Grilled Sea Bream, Cauliflower, and Grenade Dressing
Provencal cuisine is heavily influenced by the Mediterranean, and as such, sea bream is a popular seafood, and considered one of the tastiest fish. This particular recipe comes from the kitchen of our Chateau de Berne Provence cooking classes.
This particular recipe also combines other ingredients that are popular in Provence, depending on the season, including lemons, cauliflower, and grenades (better known in the States as pomegranates!) Recreate this dish at home, and share your photos over on our Facebook page!
- 3 Sea Breams (600-800 grams)
- 3 lemons
- 2 grenades (pomegranates)
- 1 bunch of parsley
- 1 head of cauliflower
- Olive oil
By The International Kitchen
1. Scale the fish, trim it, and chop off the head.
2. Filet the fish following the central bone.
3. Remove the bones with fish tweezers and set aside in the fridge.
4. Next, it’s time to cook the cauliflower. First, keep a cauliflower stem for each plate to slice on the mandoline as a garnish. Chop the rest of the cauliflower into regular pieces and cook it in half milk, half water with salt. Once cooked, strain it and blend it to make a thin purée. Set aside in a hot place.
5. Start making the dressing by cutting the lemon into supreme and then dice and peel into a brunoise.

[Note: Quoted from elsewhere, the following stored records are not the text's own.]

(* Let $L$ be a multisorted algebra in the positive existential signature satisfying axioms (1), (2), (7), (9). Let $F$ be a prime filter on sort $n$ of $L$ and let $r$ be an element of sort $n+1$ with $\exists(r)\in F$. Then there is a prime filter $G$ on sort $n+1$ such that $r\in G$ and for all $u$ of sort $n$, $c(u)\in G$ if and only if $u\in F$, where $c\colon n\to n+1$ is the associated cylindrification.
   Context: The Boolean prime ideal theorem is assumed. Signature. There is a sort $n$ for each $n\ge0$. For every function $\alpha\colon\{1,\dots,n\}\to\{1,\dots,k\}$ there is a unary function symbol (''substitution'') $\alpha\colon n\to k$ (argument of sort $n$, value of sort $k$). Each sort has $0,1,\vee,\wedge$; for each $n$ there is $\exists\colon n+1\to n$ (positive existential signature). The associated cylindrification of $\exists\colon n+1\to n$ is the substitution $c\colon n\to n+1$ given by $c(i)=i$. Axioms: (1) each sort is a bounded distributive lattice under $0,1,\vee,\wedge$; (2) substitutions preserve $0,1,\vee,\wedge$; (7) $\exists(0)=0$ and $\exists(r\vee s)=\exists(r)\vee\exists(s)$; (9) $\exists(r\wedge c(s))=\exists(r)\wedge s$ for all $r$ of sort $n+1$, $s$ of sort $n$. A prime filter is a proper, nonempty, upward-closed, $\wedge$-closed subset of a sort with $x\vee y\in F\Rightarrow x\in F$ or $y\in F$. *)

From mathcomp Require Import all_boot.
Set Implicit Arguments. Unset Strict Implicit. Unset Printing Implicit Defensive.

(* Sorts are indexed by n : nat; the index set {1,...,n} is rendered as 'I_n
   (0-based), so a substitution alpha : n -> k is a function 'I_n -> 'I_k. *)
Record PosExSig := {
  car  : nat -> Type;
  zero : forall n, car n;
  one  : forall n, car n;
  join : forall n, car n -> car n -> car n;
  meet : forall n, car n -> car n -> car n;
  subst : forall n k, ('I_n -> 'I_k) -> car n -> car k;
  ex   : forall n, car n.+1 -> car n
}.

Arguments zero {A} n : rename.
Arguments one {A} n : rename.
Arguments join {A n} : rename.
Arguments meet {A n} : rename.
Arguments subst {A n k} : rename.
Arguments ex {A n} : rename.

Definition cyl (n : nat) : 'I_n -> 'I_n.+1 := widen_ord (leqnSn n).
Arguments cyl n _ : clear implicits.

Section Laws.
Variable A : PosExSig.

Definition bdl_axiom : Prop := forall n : nat,
  (forall x y z : car A n, join x (join y z) = join (join x y) z) /\
  (forall x y z : car A n, meet x (meet y z) = meet (meet x y) z) /\
  (forall x y : car A n, join x y = join y x) /\
  (forall x y : car A n, meet x y = meet y x) /\
  (forall x y : car A n, join x (meet x y) = x) /\
  (forall x y : car A n, meet x (join x y) = x) /\
  (forall x y z : car A n, meet x (join y z) = join (meet x y) (meet x z)) /\
  (forall x : car A n, join x (zero n) = x) /\
  (forall x : car A n, meet x (one n) = x).

Definition subst_axiom : Prop := forall n k (a : 'I_n -> 'I_k),
  subst a (zero (A:=A) n) = zero k /\ subst a (one (A:=A) n) = one k /\
  (forall x y : car A n, subst a (join x y) = join (subst a x) (subst a y)) /\
  (forall x y : car A n, subst a (meet x y) = meet (subst a x) (subst a y)).

Definition ex_join_axiom : Prop := forall n,
  ex (zero (A:=A) n.+1) = zero n /\
  (forall r s : car A n.+1, ex (join r s) = join (ex r) (ex s)).

Definition frobenius_axiom : Prop := forall n (r : car A n.+1) (s : car A n),
  ex (meet r (subst (cyl n) s)) = meet (ex r) s.

Definition le n (x y : car A n) : Prop := meet x y = x.

Definition prime_filter n (F : car A n -> Prop) : Prop :=
  (exists x, ~ F x) /\
  (exists x, F x) /\
  (forall x y, le x y -> F x -> F y) /\
  (forall x y, F x -> F y -> F (meet x y)) /\
  (forall x y, F (join x y) -> F x \/ F y).

End Laws.

(* Write c for the cylindrification. The elements lying below some c(v) with
   v outside F form an ideal, since F is prime and c preserves joins. By
   Frobenius reciprocity this ideal is disjoint from the filter generated by r
   and c(F): if r /\ c(u) <= c(v) with u in F, then
   ex(r) /\ u = ex(r /\ c(u)) <= ex(c(v)) <= v, so v is in F. The prime filter
   theorem, proved from Zorn's lemma, extends that filter to a prime filter G
   avoiding the ideal; then c(u) is in G exactly when u is in F. *)

From Pilot Require Import Defs.
From mathcomp Require Import all_boot.
From mathcomp Require Import boolp classical_sets.
Set Implicit Arguments. Unset Strict Implicit. Unset Printing Implicit Defensive.
Local Open Scope classical_set_scope.

Lemma Zorn_above T (P : set (set T)) (X0 : set T) : P X0 ->
  (forall F, F `<=` P -> total_on F subset -> F !=set0 ->
     P (\bigcup_(X in F) X)) ->
  exists M, [/\ P M, X0 `<=` M & forall B, P B -> M `<=` B -> B `<=` M].
Proof.
move=> PX0 Pchain.
have [|A [PA Amax]] := Zorn_bigcup (P := fun X => P (X0 `|` X)).
  move=> F FP Ftot; have [->|/set0P[Z FZ]] := eqVneq F set0.
    by rewrite bigcup_set0 setU0.
  suff -> : X0 `|` \bigcup_(X in F) X =
            \bigcup_(Y in [set X0 `|` X | X in F]) Y.
    apply: Pchain; first by move=> _ [X FX <-]; exact: FP.
      move=> _ _ [X1 FX1 <-] [X2 FX2 <-].
      by case: (Ftot _ _ FX1 FX2) => sub; [left|right]; apply: setUS.
    by exists (X0 `|` Z), Z.
  apply/seteqP; split => x.
    case=> [X0x|[Y FY Yx]]; first by exists (X0 `|` Z); [exists Z | left].
    by exists (X0 `|` Y); [exists Y | right].
  by move=> [_ [Y FY <-] [X0x|Yx]]; [left | right; exists Y].
exists (X0 `|` A); split => [//|x|B PB AB]; first by left.
have X0B : X0 `|` B = B by apply/setUidPr => x X0x; apply: AB; left.
have [BA|nBA] := pselect (B `<=` A); first by move=> x /BA; right.
by exfalso; apply: (Amax B) => //; [split => // x Ax; apply: AB; right | rewrite X0B].
Qed.

Section PositiveExistentialAlgebra.
Variable A : PosExSig.
Hypotheses (bdlA : bdl_axiom A) (substA : subst_axiom A).
Hypotheses (exA : ex_join_axiom A) (frobA : frobenius_axiom A).
Implicit Types n : nat.

Lemma meetxx n (x : car A n) : meet x x = x.
Proof.
have [_ [_ [_ [_ [joinKI [meetKU _]]]]]] := bdlA n.
by rewrite -{2}(joinKI x x) meetKU.
Qed.

Lemma meetC n (x y : car A n) : meet x y = meet y x.
Proof. by have [_ [_ [_ [-> _]]]] := bdlA n. Qed.

Lemma meetA n (x y z : car A n) : meet x (meet y z) = meet (meet x y) z.
Proof. by have [_ [-> _]] := bdlA n. Qed.

Lemma joinC n (x y : car A n) : join x y = join y x.
Proof. by have [_ [_ [-> _]]] := bdlA n. Qed.

Lemma le_refl n (x : car A n) : le x x.
Proof. exact: meetxx. Qed.

Lemma le_trans n (y x z : car A n) : le x y -> le y z -> le x z.
Proof. by rewrite /le => xy yz; rewrite -xy -meetA yz. Qed.

Lemma le_meetl n (x y : car A n) : le (meet x y) x.
Proof. by rewrite /le meetC meetA meetxx. Qed.

Lemma le_meetr n (x y : car A n) : le (meet x y) y.
Proof. by rewrite /le -meetA meetxx. Qed.

Lemma le_meet n (x y z : car A n) : le z x -> le z y -> le z (meet x y).
Proof. by rewrite /le meetA => -> ->. Qed.

Lemma le_meet2 n (x y x' y' : car A n) :
  le x x' -> le y y' -> le (meet x y) (meet x' y').
Proof.
move=> xx' yy'; apply: le_meet.
  exact: le_trans (le_meetl x y) xx'.
exact: le_trans (le_meetr x y) yy'.
Qed.

Lemma le_joinl n (x y : car A n) : le x (join x y).
Proof. by have [_ [_ [_ [_ [_ [meetKU _]]]]]] := bdlA n; apply: meetKU. Qed.

Lemma le_joinr n (x y : car A n) : le y (join x y).
Proof. rewrite joinC; exact: le_joinl. Qed.

Lemma le_join n (x y z : car A n) : le x z -> le y z -> le (join x y) z.
Proof.
have [_ [_ [_ [_ [_ [_ [meetUr _]]]]]]] := bdlA n.
by rewrite /le => xz yz; rewrite meetC meetUr (meetC z x) (meetC z y) xz yz.
Qed.

Lemma meet1x n (x : car A n) : meet (Defs.one n) x = x.
Proof. by rewrite meetC; have [_ [_ [_ [_ [_ [_ [_ [_ ->]]]]]]]] := bdlA n. Qed.

Lemma meet_join_le n (x y a b : car A n) :
  le (meet (join x y) (meet a b)) (join (meet x a) (meet y b)).
Proof.
have [_ [_ [_ [_ [_ [_ [meetUr _]]]]]]] := bdlA n.
rewrite meetC meetUr; apply: le_join; rewrite meetC.
  exact: le_trans (le_meet2 (le_refl x) (le_meetl a b)) (le_joinl _ _).
exact: le_trans (le_meet2 (le_refl y) (le_meetr a b)) (le_joinr _ _).
Qed.

Definition is_filter n (G : set (car A n)) :=
  (forall x y, le x y -> G x -> G y) /\ (forall x y, G x -> G y -> G (meet x y)).

Definition is_ideal n (I : set (car A n)) :=
  (forall x y, le x y -> I y -> I x) /\ (forall x y, I x -> I y -> I (join x y)).

Definition meet_closure n (G : set (car A n)) (x : car A n) : set (car A n) :=
  [set z | exists2 m, G m & le (meet x m) z].

Lemma filter_meet_closure n (G : set (car A n)) x :
  is_filter G -> is_filter (meet_closure G x).
Proof.
move=> [_ Gmeet]; split.
  by move=> y z yz [m Gm xmy]; exists m => //; exact: le_trans xmy yz.
move=> y z [m Gm xmy] [m' Gm' xm'z]; exists (meet m m'); first exact: Gmeet.
apply: le_meet.
  exact: le_trans (le_meet2 (le_refl x) (le_meetl m m')) xmy.
exact: le_trans (le_meet2 (le_refl x) (le_meetr m m')) xm'z.
Qed.

Lemma sub_meet_closure n (G : set (car A n)) x : G `<=` meet_closure G x.
Proof. by move=> m Gm; exists m => //; exact: le_meetr. Qed.

Lemma meet_closure_id n (G : set (car A n)) x : G !=set0 -> meet_closure G x x.
Proof. by move=> [m Gm]; exists m => //; exact: le_meetl. Qed.

Lemma filter_bigcup_chain n (C : set (set (car A n))) :
  (forall G, C G -> is_filter G) -> total_on C subset ->
  is_filter (\bigcup_(G in C) G).
Proof.
move=> Cfilter Ctot; split.
  by move=> x y xy [G CG Gx]; exists G => //; exact: (Cfilter G CG).1 xy Gx.
move=> x y [G CG Gx] [G' CG' G'y].
have [GG'|G'G] := Ctot _ _ CG CG'.
  by exists G' => //; apply: (Cfilter G' CG').2 => //; exact: GG'.
by exists G => //; apply: (Cfilter G CG).2 => //; exact: G'G.
Qed.

Lemma prime_filter_extension n (G0 I : set (car A n)) :
  is_filter G0 -> is_ideal I -> G0 !=set0 -> I !=set0 ->
  (forall x, G0 x -> ~ I x) ->
  exists G, [/\ prime_filter G, G0 `<=` G & forall x, G x -> ~ I x].
Proof.
move=> G0filter [Idown Ijoin] G0n0 [i Ii] G0I.
pose P G := is_filter G /\ forall x, G x -> ~ I x.
have [|M [[Mfilter MI] G0M Mmax]] := Zorn_above (P := P) (conj G0filter G0I).
  move=> C CP Ctot _; split; first by apply: filter_bigcup_chain => // G /CP[].
  by move=> x [G /CP[_ GI] Gx]; exact: GI.
have [Mup Mmeet] := Mfilter.
(* By maximality, a point outside [M] generates with [M] a filter that meets [I]. *)
have escape x : ~ M x -> exists2 m, M m & exists2 j, I j & le (meet x m) j.
  apply: contra_notP => noescape; apply: (Mmax _ _ (sub_meet_closure x)).
    split; first exact: filter_meet_closure.
    by move=> z [m Mm xmz] Iz; apply: noescape; exists m => //; exists z.
  by apply: meet_closure_id; case: G0n0 => g /G0M; exists g.
exists M; split => //; split; first by exists i => /MI.
split; first by case: G0n0 => g /G0M; exists g.
do 2!split => //.
move=> x y Mxy; have [Mx|nMx] := pselect (M x); first by left.
have [My|nMy] := pselect (M y); first by right.
have [m Mm [j Ij xmj]] := escape x nMx.
have [m' Mm' [j' Ij' ym'j']] := escape y nMy.
exfalso; apply: (MI _ (Mmeet _ _ Mxy (Mmeet _ _ Mm Mm'))).
apply: Idown (Ijoin _ _ Ij Ij').
have xj := le_trans xmj (le_joinl j j').
exact: le_trans (meet_join_le x y m m') (le_join xj (le_trans ym'j' (le_joinr j j'))).
Qed.

Lemma ex_le n (x y : car A n.+1) : le x y -> le (ex x) (ex y).
Proof.
have [_ [_ [_ [_ [joinKI _]]]]] := bdlA n.+1; have [_ exU] := exA n.
move=> xy; rewrite -[y](joinKI y x) meetC xy exU; exact: le_joinr.
Qed.

Lemma ex_subst_cyl_le n (v : car A n) : le (ex (subst (cyl n) v)) v.
Proof. rewrite -(meet1x (subst _ v)) frobA; exact: le_meetr. Qed.

Lemma frobenius_le n (r : car A n.+1) (u v : car A n) :
  le (meet r (subst (cyl n) u)) (subst (cyl n) v) -> le (meet (ex r) u) v.
Proof.
move=> /ex_le; rewrite frobA => le_ex.
exact: le_trans le_ex (ex_subst_cyl_le v).
Qed.

Definition up_image n k (a : 'I_n -> 'I_k) (F : set (car A n)) : set (car A k) :=
  [set z | exists2 u, F u & le (subst a u) z].

Definition down_image n k (a : 'I_n -> 'I_k) (J : set (car A n)) : set (car A k) :=
  [set z | exists2 v, J v & le z (subst a v)].

Lemma filter_up_image n k (a : 'I_n -> 'I_k) (F : set (car A n)) :
  is_filter F -> is_filter (up_image a F).
Proof.
have [_ [_ [_ substI]]] := substA a.
move=> [_ Fmeet]; split.
  by move=> x y xy [u Fu ux]; exists u => //; exact: le_trans ux xy.
move=> x y [u Fu ux] [v Fv vy]; exists (meet u v); first exact: Fmeet.
by rewrite substI; exact: le_meet2.
Qed.

Lemma ideal_down_image n k (a : 'I_n -> 'I_k) (J : set (car A n)) :
  is_ideal J -> is_ideal (down_image a J).
Proof.
have [_ [_ [substU _]]] := substA a.
move=> [_ Jjoin]; split.
  by move=> x y xy [v Jv yv]; exists v => //; exact: le_trans xy yv.
move=> x y [u Ju xu] [v Jv yv]; exists (join u v); first exact: Jjoin.
rewrite substU; apply: le_join.
  exact: le_trans xu (le_joinl _ _).
exact: le_trans yv (le_joinr _ _).
Qed.

Lemma ideal_compl_prime_filter n (F : set (car A n)) :
  prime_filter F -> is_ideal (~` F).
Proof.
move=> [_ [_ [Fup [_ Fprime]]]]; split; first by move=> x y xy nFy /(Fup _ _ xy).
by move=> x y nFx nFy /Fprime[].
Qed.

Lemma meet_closure_cyl_disjoint n (F : set (car A n)) (r : car A n.+1) :
  is_filter F -> F (ex r) -> forall z,
  meet_closure (up_image (cyl n) F) r z -> ~ down_image (cyl n) (~` F) z.
Proof.
move=> [Fup Fmeet] Fexr z [m [u Fu um] rmz] [v nFv zv]; apply: nFv.
apply: (Fup _ _ _ (Fmeet _ _ Fexr Fu)); apply: frobenius_le.
exact: le_trans (le_meet2 (le_refl r) um) (le_trans rmz zv).
Qed.

End PositiveExistentialAlgebra.

Theorem lemma4p11 (A : PosExSig)
  (H1 : bdl_axiom A) (H2 : subst_axiom A)
  (H7 : ex_join_axiom A) (H9 : frobenius_axiom A)
  (n : nat) (F : car A n -> Prop) (r : car A n.+1) :
  prime_filter F -> F (ex r) ->
  exists G : car A n.+1 -> Prop,
    prime_filter G /\ G r /\
    (forall u : car A n, G (subst (cyl n) u) <-> F u).
Proof.
move=> Fprime Fexr; have [[w nFw] [[u0 Fu0] [Fup [Fmeet _]]]] := Fprime.
pose G0 := meet_closure (up_image (cyl n) F) r.
pose I := down_image (cyl n) (~` F).
have G0r : G0 r.
  by apply: (meet_closure_id H1); exists (subst (cyl n) u0), u0 => //; exact: le_refl.
have Iw : I (subst (cyl n) w) by exists w => //; exact: le_refl.
have [G [Gprime G0G GI]] := prime_filter_extension H1
  (filter_meet_closure H1 r (filter_up_image H1 H2 (cyl n) (conj Fup Fmeet)))
  (ideal_down_image H1 H2 (cyl n) (ideal_compl_prime_filter Fprime))
  (ex_intro _ r G0r) (ex_intro _ _ Iw)
  (meet_closure_cyl_disjoint H1 H7 H9 (conj Fup Fmeet) Fexr).
exists G; split=> //; split; first exact: G0G.
move=> u; split => [Gcu|Fu].
  by apply: contra_notP (GI _ Gcu) => nFu; exists u => //; exact: le_refl.
by apply/G0G/(sub_meet_closure H1); exists u => //; exact: le_refl.
Qed.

6. Cut the grenade (pomegranate) into two and remove the seeds.
7. Chop the parsley.
8. Mix all the ingredients together in a pot and cover just with olive oil. To this, add salt & pepper. Warm it up a bit.
9. Cook the sea bream in a very hot non stick pan. Start with the skin side first then turn it up side down.
10. Plate the dish, by putting a spoonful of hot cauliflower purée in the middle of a hot plate, top with the fish, cover with the row sliced cauliflower and the dressing.